(Given data begins)

(* For any positive integers $r,h,w,p$ there exists a positive integer $s=s(r,h,w,p)$ such that the following holds. Let $G$ be a graph with no subgraph isomorphic to $K_{r,r}$. For each $i\in[p]$ let $\mathcal C_i$ be a collection of pairwise disjoint subsets of $V(G)$, each of size at most $h$, with $|\mathcal C_i|\ge s$. Then for each $i\in[p]$ there exists $\mathcal C_i'\subseteq\mathcal C_i$ with $|\mathcal C_i'|=w$ such that for all $1\le i_1<i_2\le p$, every member of $\mathcal C_{i_1}'$ is disjoint from, and has no edge of $G$ to, every member of $\mathcal C_{i_2}'$.
   Context: Graphs are finite and simple; $[p]=\{1,\dots,p\}$. *)

From mathcomp Require Import all_boot.
Set Implicit Arguments. Unset Strict Implicit. Unset Printing Implicit Defensive.

Definition simple_graph (T : finType) (e : rel T) : Prop :=
  symmetric e /\ irreflexive e.

Definition has_Krr (T : finType) (e : rel T) (r : nat) : Prop :=
  exists A B : {set T},
    [/\ #|A| = r, #|B| = r, [disjoint A & B] &
        forall x y, x \in A -> y \in B -> e x y].

Definition disjoint_family_le (T : finType) (h : nat) (C : {set {set T}}) : Prop :=
  (forall X, X \in C -> #|X| <= h) /\
  (forall X Y, X \in C -> Y \in C -> X != Y -> [disjoint X & Y]).

Definition separated (T : finType) (e : rel T) (X Y : {set T}) : Prop :=
  [disjoint X & Y] /\ (forall x y, x \in X -> y \in Y -> ~~ e x y).

From mathcomp Require Import all_boot zify.
Set Implicit Arguments. Unset Strict Implicit. Unset Printing Implicit Defensive.

(* Two families A, B of pairwise disjoint sets of size <= h are
   separated pair by pair by iterated bipartite Ramsey.  A set X of size <= h
   is listed as enum X, so a contact between X and Y (a common vertex or an
   edge) happens at a "position" (i, j) in [0,h) x [0,h).  For a fixed
   position c, bipartite Ramsey applied to the relation "X and Y are in contact
   at c" yields large subfamilies that are either completely in contact at c or
   nowhere in contact at c.  The first case is impossible without K_{r,r}:
   the i-th elements of the X's and the j-th elements of the Y's are distinct
   (the sets are disjoint) and pairwise equal-or-adjacent, which produces a
   K_{r,r}.  Running over all h*h positions separates A from B; running over
   all pairs i1 < i2 of indices separates all p families; finally each
   family is shrunk to exactly w members.  All bounds are explicit iterates
   of ramsey_bound, hence independent of the graph.
   The file proves, in order: counting facts and bipartite Ramsey; the two
   K_{r,r} constructions; separation of two families (avoid_contacts,
   separate_two_families); separation of a list of pairs of families
   (separate_families); and finally the theorem. *)

Lemma leq_iter_self (f : nat -> nat) n m : (forall k, k <= f k) -> m <= iter n f m.
Proof. by move=> hf; elim: n => //= n IH; exact: leq_trans IH (hf _). Qed.

Lemma subset_of_card (U : finType) (A : {set U}) k :
  k <= #|A| -> exists B : {set U}, B \subset A /\ #|B| = k.
Proof.
elim: k => [|k IH] hk; first by exists set0; rewrite sub0set cards0.
have [B [sBA cB]] := IH (ltnW hk).
have : 0 < #|A :\: B| by rewrite cardsDS // cB subn_gt0.
rewrite card_gt0 => /set0Pn [x]; rewrite inE => /andP [xB xA].
exists (x |: B); split; first by rewrite subUset sub1set xA sBA.
by rewrite cardsU1 xB cB.
Qed.

Lemma pigeonhole_fiber (U V : finType) (Q : {set U}) (Vs : {set V}) (f : U -> V) n :
  {in Q, forall y, f y \in Vs} -> #|Vs| * n < #|Q| ->
  exists v, n < #|[set y in Q | f y == v]|.
Proof.
move=> hf hc; have /existsP // : [exists v, n < #|[set y in Q | f y == v]|].
move: hc; apply: contraLR; rewrite negb_exists -leqNgt => /forallP small_fibers.
rewrite -sum1_card (partition_big f (mem Vs)) /=; last by move=> y /hf.
rewrite -sum_nat_const leq_sum // => v _.
have := small_fibers v; rewrite -leqNgt; apply: leq_trans.
by rewrite -sum1_card; apply: eq_leq; apply: eq_bigl => y; rewrite inE.
Qed.

Definition ramsey_bound (a : nat) : nat := 2 * a + 2 ^ (2 * a) * a.

Lemma leq_ramsey_bound a : a <= ramsey_bound a.
Proof. rewrite /ramsey_bound; lia. Qed.

(* Fix P0 in P
   of size 2a; some trace S = {x in P0 | R x y} is shared by a points y of Q,
   and S or P0 :\: S has size at least a. *)
Lemma bipartite_ramsey (U : finType) (P Q : {set U}) (R : rel U) a :
  ramsey_bound a <= #|P| -> ramsey_bound a <= #|Q| ->
  exists A B : {set U},
  [/\ A \subset P, B \subset Q, a <= #|A|, a <= #|B| &
   (forall x y, x \in A -> y \in B -> R x y) \/
   (forall x y, x \in A -> y \in B -> ~~ R x y)].
Proof.
move=> hP hQ; case: (posnP a) => [->|a_gt0].
  by exists set0, set0; split; rewrite ?sub0set //; left => x y; rewrite inE.
have [P0 [sP0 cP0]] : exists P0 : {set U}, P0 \subset P /\ #|P0| = 2 * a.
  by apply: subset_of_card; apply: leq_trans hP; rewrite /ramsey_bound leq_addr.
pose trace y := [set x in P0 | R x y].
have trace_sub : {in Q, forall y, trace y \in powerset P0}.
  by move=> y _; rewrite inE; apply/subsetP => x; rewrite inE => /andP [].
have many_y : #|powerset P0| * a.-1 < #|Q|.
  rewrite card_powerset cP0; apply: leq_trans hQ; rewrite /ramsey_bound.
  move: (2 ^ (2 * a)) => M; case: a a_gt0 {hP cP0 trace_sub} => // a _ /=; nia.
have [S big_fiber] := pigeonhole_fiber trace_sub many_y.
set B := [set y in Q | trace y == S] in big_fiber.
have cB : a <= #|B| by move: big_fiber; case: (a) a_gt0.
have sBQ : B \subset Q by apply/subsetP => y; rewrite inE => /andP [].
have : 0 < #|B| by apply: leq_trans cB.
rewrite card_gt0 => /set0Pn [y0]; rewrite inE => /andP [_ /eqP trace_y0].
have sS : S \subset P0 by rewrite -trace_y0; apply/subsetP => x; rewrite inE => /andP [].
have trace_B y : y \in B -> trace y = S by rewrite inE => /andP [_ /eqP].
have : #|S| + #|P0 :\: S| = 2 * a by rewrite cardsDS // -cP0 subnKC // subset_leq_card.
case: (leqP a #|S|) => [cS _ | cS cSD].
  exists S, B; split => //; first exact: subset_trans sS sP0.
  by left => x y xS /trace_B tr; move: xS; rewrite -tr inE => /andP [].
exists (P0 :\: S), B; split => //; first exact: subset_trans (subsetDl _ _) sP0.
- lia.
right => x y /setDP [xP0 xS] /trace_B tr.
by apply: contra xS => Rxy; rewrite -tr inE xP0.
Qed.

Definition meets (T : finType) (e : rel T) (x y : T) : bool := (x == y) || e x y.

Definition contact (T : finType) (e : rel T) (c : nat * nat) (X Y : {set T}) : bool :=
  [exists x in X, exists y in Y,
     [&& index x (enum X) == c.1, index y (enum Y) == c.2 & meets e x y]].

Definition pairwise_disjoint (T : finType) (C : {set {set T}}) : Prop :=
  forall X Y, X \in C -> Y \in C -> X != Y -> [disjoint X & Y].

Lemma pairwise_disjointS (T : finType) (A B : {set {set T}}) :
  A \subset B -> pairwise_disjoint B -> pairwise_disjoint A.
Proof. by move=> sAB dB X Y XA YA; apply: dB; apply: (subsetP sAB). Qed.

Lemma disjoint_familyS (T : finType) h (A B : {set {set T}}) :
  A \subset B -> disjoint_family_le h B -> disjoint_family_le h A.
Proof.
move=> sAB [hB dB]; split; last exact: pairwise_disjointS sAB dB.
by move=> X XA; apply: hB; apply: (subsetP sAB).
Qed.

Definition positions (h : nat) : seq (nat * nat) :=
  [seq (i, j) | i <- iota 0 h, j <- iota 0 h].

(Given data ends)

*Work required*. Please transcribe only the lines in the records above running from the line that has "Definition simple_graph (T" through the line that has "Definition separated (T", both included, exactly as they appear.

*Solution below*.
Definition simple_graph (T : finType) (e : rel T) : Prop :=
  symmetric e /\ irreflexive e.

Definition has_Krr (T : finType) (e : rel T) (r : nat) : Prop :=
  exists A B : {set T},
    [/\ #|A| = r, #|B| = r, [disjoint A & B] &
        forall x y, x \in A -> y \in B -> e x y].

Definition disjoint_family_le (T : finType) (h : nat) (C : {set {set T}}) : Prop :=
  (forall X, X \in C -> #|X| <= h) /\
  (forall X Y, X \in C -> Y \in C -> X != Y -> [disjoint X & Y]).

Definition separated (T : finType) (e : rel T) (X Y : {set T}) : Prop :=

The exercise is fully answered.